In the present scenario of microgrid system, conversion of electrical energy has initiated a challenge to maintain the power quality within a satisfactory range. It can be influenced by the voltage deviation, sag/swell, unbalancing, frequency, total harmonic distortion (THD) and power factor as per nature of local loads and the condition of distributed energy resources (DERs). The relationship between power quality and the set of these variables are non-linear in nature. The existing literature show that the above mentioned parameters are not considered simultaneously for the assessment and controlling of power quality in PV based AC microgrid. To minimize the effect of these variables, a novel artificial neural network (ANN) based control approach has been proposed which can control the power quality as per IEEE/IEC standards. The proposed method has shown fast, smooth and stable operation while the performance of the same is verified with that of the proportional–integral (PI) and fuzzy-PI controllers using Matlab-Simulink software. The small size microgrid model is tested with the effect of line impedance and communication delay for the assessment of power quality parameters. This model is extended to a large size realistic microgrid structure for the feasibility of control methodology. The realistic microgrid structure is verified under the analysis of line impedance, communication delay, demand response and off-nominal conditions. The proposed control methodology is validated in a realistic microgrid structure and simulation results are presented to show the performance of proposed controller under different test conditions to identify an ANN library.

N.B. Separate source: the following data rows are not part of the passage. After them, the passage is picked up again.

Lemma iter_mul_ge k z0 : z0 + 1 <= iter k G z0 ->
  forall j : nat, j%:R - 1 <= iter (j * k) G 0.
Proof.
move=> z0_k j.
have orbit_ge : z0 + j%:R <= iter (j * k) G z0.
  elim: j => [|j IH]; first by rewrite mul0n addr0.
  rewrite mulSn iterD; apply: le_trans (lift_le (lift_iter k hG) IH).
  by rewrite (lift_addn _ _ (lift_iter k hG)) -natr1; lra.
have /andP[fl_le fl_gt] := floor_itv z0.
have := lift_le (lift_iter (j * k) hG) (ltW fl_gt).
have := lift_addz 0 (Num.floor z0 + 1) (lift_iter (j * k) hG).
by rewrite add0r => ->; rewrite intrD in fl_le fl_gt *; lra.
Qed.

Hypothesis rot0 : (fun m => iter m G 0 / m%:R) @ \oo --> 0.

Lemma iter_lt_add1 m z0 : iter m G z0 < z0 + 1.
Proof.
case: m => [|k]; first by rewrite /= ltrDl.
rewrite ltNge; apply/negP => /iter_mul_ge orbit_ge.
have e_gt0 : (0 : R) < (2 * k.+1%:R)^-1 by rewrite invr_gt0 mulr_gt0.
have /cvgrPdist_lt/(_ _ e_gt0) [N _ hN] := rot0.
have /hN : (N <= N.+2 * k.+1)%N by nia.
rewrite sub0r normrN => /(le_lt_trans (ler_norm _)).
rewrite ltr_pdivrMr ?ltr0n ?muln_gt0 //.
have -> : (2 * k.+1%:R)^-1 * (N.+2 * k.+1)%:R = N.+2%:R / 2 :> R.
  by rewrite natrM; field; rewrite lt0r_neq0 ?ltr0n.
have := orbit_ge N.+2; have : (2 : R) <= N.+2%:R by rewrite ler_nat.
lra.
Qed.

Lemma orbit_sep_of_lt z0 : z0 < G z0 ->
  exists2 e : R, 0 < e & forall m, (0 < m)%N -> 2 * e <= dT (iter m G z0) z0.
Proof.
move=> z0_lt.
pose a m := iter m G z0.
have a_homo : {homo a : m m' / (m <= m')%N >-> m <= m'}.
  apply/nondecreasing_seqP; elim=> [|m IH]; first exact: ltW.
  exact: lift_le hG IH.
have a_ub : has_ubound (range a) by exists (z0 + 1) => _ [m _ <-]; apply/ltW/iter_lt_add1.
have a_cvg := nondecreasing_cvgn a_homo a_ub; set L := sup (range a) in a_cvg.
have a_le m : a m <= L by apply: ub_le_sup => //; exists m.
have L_le : L <= z0 + 1.
  by apply: ge_sup; [exists (a 0), 0|move=> _ [m _ <-]; apply/ltW/iter_lt_add1].
have G_L : G L = L.
  have a_shift_cvg : (fun m => a m.+1) @ \oo --> L by rewrite (cvg_shiftS a).
  have [G_cont _] := hG.
  exact: cvg_unique _ (cvg_comp _ _ a_cvg (G_cont L)) a_shift_cvg.
have L_lt : L < z0 + 1.
  rewrite lt_neqAle L_le andbT; apply/eqP => L_eq.
  by move: G_L; rewrite L_eq; have [_ [_ ->]] := hG; lra.
pose e := Num.min (G z0 - z0) (z0 + 1 - L) / 2.
have e1 : 2 * e <= G z0 - z0 by rewrite /e mulrC divfK // ge_min lexx.
have e2 : 2 * e <= z0 + 1 - L by rewrite /e mulrC divfK // ge_min lexx orbT.
have e_gt0 : 0 < e by rewrite /e divr_gt0 // lt_min; apply/andP; split; lra.
exists e => // m m_gt0; apply: dT_ge_of_gap; first exact: ltW.
have := a_le m; have := a_homo 1%N m m_gt0; rewrite /a /= => ? ?.
by apply/andP; split; lra.
Qed.

End ZeroRotation.

Lemma iter_oppconj (R : realType) (G : R -> R) m x :
  iter m (fun y => - G (- y)) x = - iter m G (- x).
Proof. by elim: m x => [|m IH] x /=; rewrite ?opprK // IH opprK. Qed.

Lemma orbit_sep (R : realType) (G : R -> R) (z0 : R) : orient_pres_homeo_lift G ->
  (fun m => iter m G 0 / m%:R) @ \oo --> 0 -> G z0 != z0 ->
  exists2 e : R, 0 < e & forall m, (0 < m)%N -> 2 * e <= dT (iter m G z0) z0.
Proof.
move=> hG rot0; rewrite neq_lt => /orP[G_lt|]; last exact: orbit_sep_of_lt.
have rot0' : (fun m => iter m (fun y => - G (- y)) 0 / m%:R) @ \oo --> 0.
  have -> : (fun m => iter m (fun y => - G (- y)) 0 / m%:R) =
            (fun m => - (iter m G 0 / m%:R)).
    by apply/funext => m; rewrite iter_oppconj oppr0 mulNr.
  by have := cvgN rot0; rewrite oppr0; apply.
have [|e e_gt0 sep] := orbit_sep_of_lt (lift_oppconj hG) rot0' (z0 := - z0).
  by rewrite opprK ltrN2.
by exists e => // m /sep; rewrite iter_oppconj opprK dT_opp.
Qed.

Section LowerBound.
Variable R : realType.
Variables (F : R -> R) (q : nat) (p : int).
Hypotheses (hF : orient_pres_homeo_lift F) (q_gt0 : (0 < q)%N).
Let g (x : R) := iter q F x - p%:~R.

Lemma iter_mul_sub_int m x : iter (m * q) F x = iter m g x + (p * m%:Z)%:~R.
Proof.
elim: m x => [|m IH] x; first by rewrite mul0n /= mulr0 addr0.
rewrite mulSn iterD IH (lift_addz _ _ (lift_iter q hF)) /= /g.
by rewrite !intrM -addn1 PoszD intrD; ring.
Qed.

Variables (z0 e eps : R) (n : nat).
Hypotheses (n_gt0 : (0 < n)%N) (eps_le : eps <= e)
  (sep : forall d, (0 < d)%N -> 2 * e <= dT (iter d g z0) z0).

(* Preimages of z0 under g^j1 and g^j2 with j1 < j2 are at distance >= 2e at time
   j2 q, so no eps-ball of d_n can contain both once j2 q < n. *)
Let return_times_apart (y : nat -> R) (c : R) (j1 j2 : nat) :
  (forall j, iter j g (y j) = z0) -> (j1 < j2)%N -> (j2 * q < n)%N ->
  dBowen F n (y j1) c < eps -> dBowen F n (y j2) c < eps -> False.
Proof.
move=> y_ret j_lt j2_lt ball1 ball2.
have at_j2 (x : R) : dBowen F n x c < eps -> dT (iter (j2 * q) F x) (iter (j2 * q) F c) < eps.
  apply: le_lt_trans.
  exact: (le_bigmax _ (fun k : 'I_n => dT (iter k F x) (iter k F c)) (Ordinal j2_lt)).
have {ball1 ball2} := (at_j2 _ ball1, at_j2 _ ball2).
have y1_at_j2 : iter j2 g (y j1) = iter (j2 - j1) g z0.
  by rewrite -(y_ret j1) -iterD subnK // ltnW.
rewrite !iter_mul_sub_int y_ret y1_at_j2.
rewrite !dT_addr_int !dT_addl_int => -[d1 d2].
have := dT_triangle (iter (j2 - j1) g z0) (iter j2 g c) z0.
rewrite (dT_sym (iter j2 g c)).
by have := @sep (j2 - j1)%N; rewrite subn_gt0 => /(_ j_lt); move: d1 d2 eps_le; lra.
Qed.

Lemma covers_lower m : covers F n eps m -> (((n.-1) %/ q).+1 <= m)%N.
Proof.
move=> [c c_cov]; set K := (n.-1 %/ q)%N.
pose y (j : nat) := xget 0 [set y | iter j g y = z0].
have y_ret j : iter j g (y j) = z0.
  by apply: (xgetPex 0 (lift_surj _ (lift_iter j (lift_subz p (lift_iter q hF))))).
have [idx idx_ball] := choice (fun j : 'I_K.+1 => c_cov (y j)).
suff /leq_card : injective idx by rewrite !card_ord.
have jq_lt (j : 'I_K.+1) : (j * q < n)%N.
  by have := ltn_ord j; rewrite ltnS leq_divRL // => /leq_ltn_trans; apply; rewrite ltn_predL.
move=> j1 j2 idx_eq; apply: val_inj; case: (ltngtP j1 j2) => // j_lt; exfalso.
  by apply: (return_times_apart y_ret j_lt (jq_lt j2) (idx_ball j1)); rewrite idx_eq.
by apply: (return_times_apart y_ret j_lt (jq_lt j1) (idx_ball j2)); rewrite -idx_eq.
Qed.

End LowerBound.

Section PeriodicConjugacy.
Variable R : realType.
Variable F : R -> R.
Hypothesis hF : orient_pres_homeo_lift F.

Lemma continuous_sum_iter q : continuous (fun x => \sum_(i < q) iter i F x).
Proof.
elim: q => [|q IH].
  have -> : (fun x => \sum_(i < 0) iter i F x) = fun=> 0.
    by apply/funext => x; rewrite big_ord0.
  by move=> x; apply: cst_continuous.
have -> : (fun x => \sum_(i < q.+1) iter i F x) =
          (fun x => \sum_(i < q) iter i F x) + iter q F.
  by apply/funext => x; rewrite big_ord_recr.
have [iter_cont _] := lift_iter q hF.
by move=> x; apply: continuousD; [apply: IH|apply: iter_cont].
Qed.

Lemma sum_iter_lt q x y : (0 < q)%N -> x < y ->
  \sum_(i < q) iter i F x < \sum_(i < q) iter i F y.
Proof.
case: q => // q _ xy; rewrite !big_ord_recl /=.
by apply: ltr_leD => //; apply: ler_sum => i _; apply/(lift_le (lift_iter i.+1 hF))/ltW.
Qed.

(* If F^q = T_p then h = (1/q) sum_{i<q} F^i conjugates F to the rotation by p/q. *)
Lemma conj_of_periodic q (p : int) : (0 < q)%N ->
  (forall x, iter q F x - p%:~R = x) -> conj_to_rotation F.
Proof.
move=> q_gt0 periodic.
pose S x := \sum_(i < q) iter i F x.
have q_neq0 : q%:R != 0 :> R by rewrite pnatr_eq0 -lt0n.
exists (fun x => S x / q%:R), (p%:~R / q%:R); split; [split; [|split]|].
- by move=> x; apply: continuousM; [apply: continuous_sum_iter|apply: cst_continuous].
- move=> x y /(congr1 ( *%R^~ q%:R)) /=; rewrite !divfK // => S_eq.
  by case: (ltgtP x y) => // xy; have := sum_iter_lt q_gt0 xy; rewrite -/(S x) -/(S y) S_eq ltxx.
- left => x; rewrite /S (eq_bigr (fun i : 'I_q => iter i F x + 1)); last first.
    by move=> i _; apply: (lift_addn x 1 (lift_iter i hF)).
  by rewrite big_split /= sumr_const card_ord mulrDl divff.
- move=> x; exists 0; rewrite addr0 -mulrDl; congr (_ / _).
  have := periodic x; have : \sum_(i < q.+1) iter i F x = S x + iter q F x.
    by rewrite big_ord_recr.
  rewrite big_ord_recl /= (eq_bigr (fun i : 'I_q => iter i F (F x))) -/(S (F x)).
    by lra.
  by move=> i _; rewrite add0n -iterS iterSr.
Qed.

End PeriodicConjugacy.

Lemma ln_ratio_cvg1 (R : realType) (G : nat -> R) (a b : R) : 0 < a -> 0 < b ->
  (forall n, (1 <= n)%N -> n%:R * a <= G n <= n%:R * b) ->
  (fun n => ln (G n) / ln n%:R) @ \oo --> (1 : R).
Proof.
move=> a_gt0 b_gt0 G_bnd; apply/cvgrPdist_lt => e e_gt0.
pose C := `|ln a| + `|ln b|.
near=> n.
have n_ge2 : (2 <= n)%N by near: n; exact: nbhs_infty_ge.
have n_big : expR (C / e) < n%:R by near: n; exact: nbhs_infty_gtr.
have n_gt0 : (0 : R) < n%:R by rewrite ltr0n; apply: leq_trans n_ge2.
have ln_gt0 : 0 < ln (n%:R : R) by apply: ln_gt0; rewrite ltr1n.
have C_lt : C < e * ln (n%:R : R).
  rewrite -(ltr_ln (expR_gt0 _)) ?posrE // expRK ltr_pdivrMr // in n_big.
  by rewrite mulrC.
have /andP[G_lo G_hi] := G_bnd n (ltnW n_ge2).
have na_gt0 : 0 < n%:R * a by rewrite mulr_gt0.
have G_gt0 := lt_le_trans na_gt0 G_lo.
rewrite -ler_ln ?posrE // lnM ?posrE // in G_lo.
rewrite -ler_ln ?posrE ?mulr_gt0 // lnM ?posrE // in G_hi.
have -> : 1 - ln (G n) / ln n%:R = (ln (n%:R : R) - ln (G n)) / ln n%:R.
  by field; rewrite lt0r_neq0.
rewrite normrM normfV (gtr0_norm ln_gt0) ltr_pdivrMr // ltr_norml.
have /andP[? ?] : - `|ln a| <= ln a <= `|ln a| by rewrite -ler_norml.
have /andP[? ?] : - `|ln b| <= ln b <= `|ln b| by rewrite -ler_norml.
by rewrite /C in C_lt; apply/andP; split; lra.
Unshelve. all: by end_near.
Qed.

Lemma limn_esup_ln_ratio (R : realType) (G : nat -> R) (a b : R) : 0 < a -> 0 < b ->
  (forall n, (1 <= n)%N -> n%:R * a <= G n <= n%:R * b) ->
  limn_esup (fun n => (ln (G n) / ln n%:R)%:E) = 1%:E.
Proof.
move=> a_gt0 b_gt0 /(ln_ratio_cvg1 a_gt0 b_gt0) ratio_cvg.
have {}ratio_cvg : (fun n => (ln (G n) / ln n%:R)%:E) @ \oo --> 1%:E.
  by apply: cvg_EFin; [near=> n|].
by rewrite is_cvg_limn_esupE ?(cvgP _ ratio_cvg) // (cvg_lim _ ratio_cvg).
Unshelve. all: by end_near.
Qed.

Lemma rotation_sub_cvg0 (R : realType) (F : R -> R) (q : nat) (p : int) :
  orient_pres_homeo_lift F -> (0 < q)%N ->
  (fun n => iter n F 0 / n%:R) @ \oo --> (p%:~R / q%:R : R) ->
  (fun m => iter m (fun x => iter q F x - p%:~R) 0 / m%:R) @ \oo --> 0.
Proof.
move=> hF q_gt0 rot; apply/cvgrPdist_lt => e e_gt0.
have q_gt0' : (0 : R) < q%:R by rewrite ltr0n.
have /cvgrPdist_lt/(_ (e / q%:R)) [|N _ hN] := rot; first by rewrite divr_gt0.
exists N.+1 => // m /= N_lt; rewrite sub0r normrN.
have m_gt0 : (0 : R) < m%:R by rewrite ltr0n; apply: leq_trans N_lt.
have /hN : (N <= m * q)%N by apply: leq_trans (ltnW N_lt) (leq_pmulr _ q_gt0).
rewrite /= (@iter_mul_sub_int _ _ q p hF) ltr_pdivlMr // => close.
set y := iter m _ 0 in close *.
have -> : y / m%:R = - (q%:R * (p%:~R / q%:R - (y + (p * m%:Z)%:~R) / (m * q)%:R)).
  by rewrite natrM intrM; field; rewrite !lt0r_neq0.
by rewrite normrN normrM gtr0_norm // mulrC.
Qed.

Lemma hpol_eps_eq1 (R : realType) (F : R -> R) (q : nat) (p : int) (z0 e eps : R) :
  orient_pres_homeo_lift F -> (0 < q)%N -> 0 < eps -> eps <= e ->
  (forall d, (0 < d)%N -> 2 * e <= dT (iter d (fun x => iter q F x - p%:~R) z0) z0) ->
  hpol_eps F eps = 1%:E.
Proof.
move=> hF q_gt0 eps_gt0 eps_le sep.
pose M := (Num.truncn eps^-1).+1.
have M_eps : M%:R^-1 < eps.
  by rewrite -(invrK eps) ltf_pV2 ?posrE ?invr_gt0 ?ltr0n //; apply: truncnS_gt.
apply: (limn_esup_ln_ratio (a := q%:R^-1) (b := (M + 1)%:R)) => [||n n_gt0].
- by rewrite invr_gt0 ltr0n.
- by rewrite ltr0n addn1.
have cov := covers_upper n hF (ltn0Sn _) M_eps.
apply/andP; split.
  apply: Gcover_ge cov _ => k /(covers_lower hF q_gt0 n_gt0 eps_le sep).
  set K := (n.-1 %/ q)%N => K_le.
  have n_le : (n <= K.+1 * q)%N by have := ltn_ceil n.-1 q_gt0; rewrite prednK.
  rewrite ler_pdivrMr ?ltr0n //; apply: (@le_trans _ _ (K.+1 * q)%:R).
    by rewrite ler_nat.
  by rewrite natrM ler_pM2r ?ltr0n // ler_nat.
apply: le_trans (Gcover_le cov) _.
by rewrite -natrM ler_nat mulnDr muln1 leq_add2l.
Qed.

Theorem proposition3p1 (R : realType) (F : R -> R) :
  orient_pres_homeo_lift F ->
  rational_rotation_number F ->
  ~ conj_to_rotation F ->
  hpol_eps F eps @[eps --> 0^'+] --> 1%:E.
Proof.
move=> hF [r rot] not_conj.
set q := `|denq r|%N; set p := numq r; pose g x := iter q F x - p%:~R.
have q_gt0 : (0 < q)%N by rewrite absz_gt0 denq_neq0.
have {}rot : (fun n => iter n F 0 / n%:R) @ \oo --> (p%:~R / q%:R : R).
  by rewrite (_ : p%:~R / q%:R = ratr r :> R) // /ratr /q pmulrn absz_denq.
have /existsNP [z0 /eqP g_z0] : ~ forall x, g x = x.
  by move=> g_id; apply/not_conj/(conj_of_periodic hF q_gt0 g_id).
have [e e_gt0 sep] := orbit_sep (lift_subz p (lift_iter q hF))
  (rotation_sub_cvg0 hF q_gt0 rot) g_z0.
apply: cvg_near_cst; near=> eps; apply: (hpol_eps_eq1 hF q_gt0 _ _ sep).
  by near: eps; exact: nbhs_right_gt.
by near: eps; exact: nbhs_right_ltW.
Unshelve. all: by end_near.
Qed.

在微电网系统的当前情况下，电能的转换引发了将电能质量保持在令人满意的范围内的挑战。根据本地负载的性质和分布式能源的条件，它可能会受到电压偏差，骤降/骤升，不平衡，频率，总谐波失真（THD）和功率因数的影响。电能质量和这些变量集之间的关系本质上是非线性的。现有文献表明，在基于PV的AC微电网中，不能同时考虑上述参数用于评估和控制电能质量。为了最小化这些变量的影响，已经提出了一种基于新型人工神经网络（ANN）的控制方法，该方法可以按照IEEE / IEC标准控制电能质量。所提出的方法显示了快速，平稳和稳定的操作，同时使用Matlab-Simulink软件通过比例积分（PI）和模糊PI控制器验证了该方法的性能。使用线阻抗和通信延迟的影响测试了小型微电网模型，以评估电能质量参数。为了控制方法的可行性，该模型被扩展到大尺寸的实际微电网结构。通过对线路阻抗，通信延迟，需求响应和偏离标称条件的分析，可以验证实际的微电网结构。所提出的控制方法在真实的微电网结构中得到了验证，并给出了仿真结果，以显示所提出的控制器在不同测试条件下的性能，以识别ANN库。使用Matlab-Simulink软件通过比例积分（PI）和模糊PI控制器的性能验证了其平稳，稳定的运行性能。使用线阻抗和通信延迟的影响测试了小型微电网模型，以评估电能质量参数。为了控制方法的可行性，该模型被扩展到大尺寸的实际微电网结构。通过对线路阻抗，通信延迟，需求响应和偏离标称条件的分析，可以验证实际的微电网结构。所提出的控制方法在实际的微电网结构中得到了验证，并给出了仿真结果，以显示所提出的控制器在不同测试条件下的性能，以识别ANN库。使用Matlab-Simulink软件通过比例积分（PI）和模糊PI控制器的性能验证了其平稳，稳定的运行性能。使用线阻抗和通信延迟的影响测试了小型微电网模型，以评估电能质量参数。为了控制方法的可行性，该模型被扩展到大尺寸的实际微电网结构。通过对线路阻抗，通信延迟，需求响应和偏离标称条件的分析，可以验证实际的微电网结构。所提出的控制方法在真实的微电网结构中得到了验证，并给出了仿真结果，以显示所提出的控制器在不同测试条件下的性能，以识别ANN库。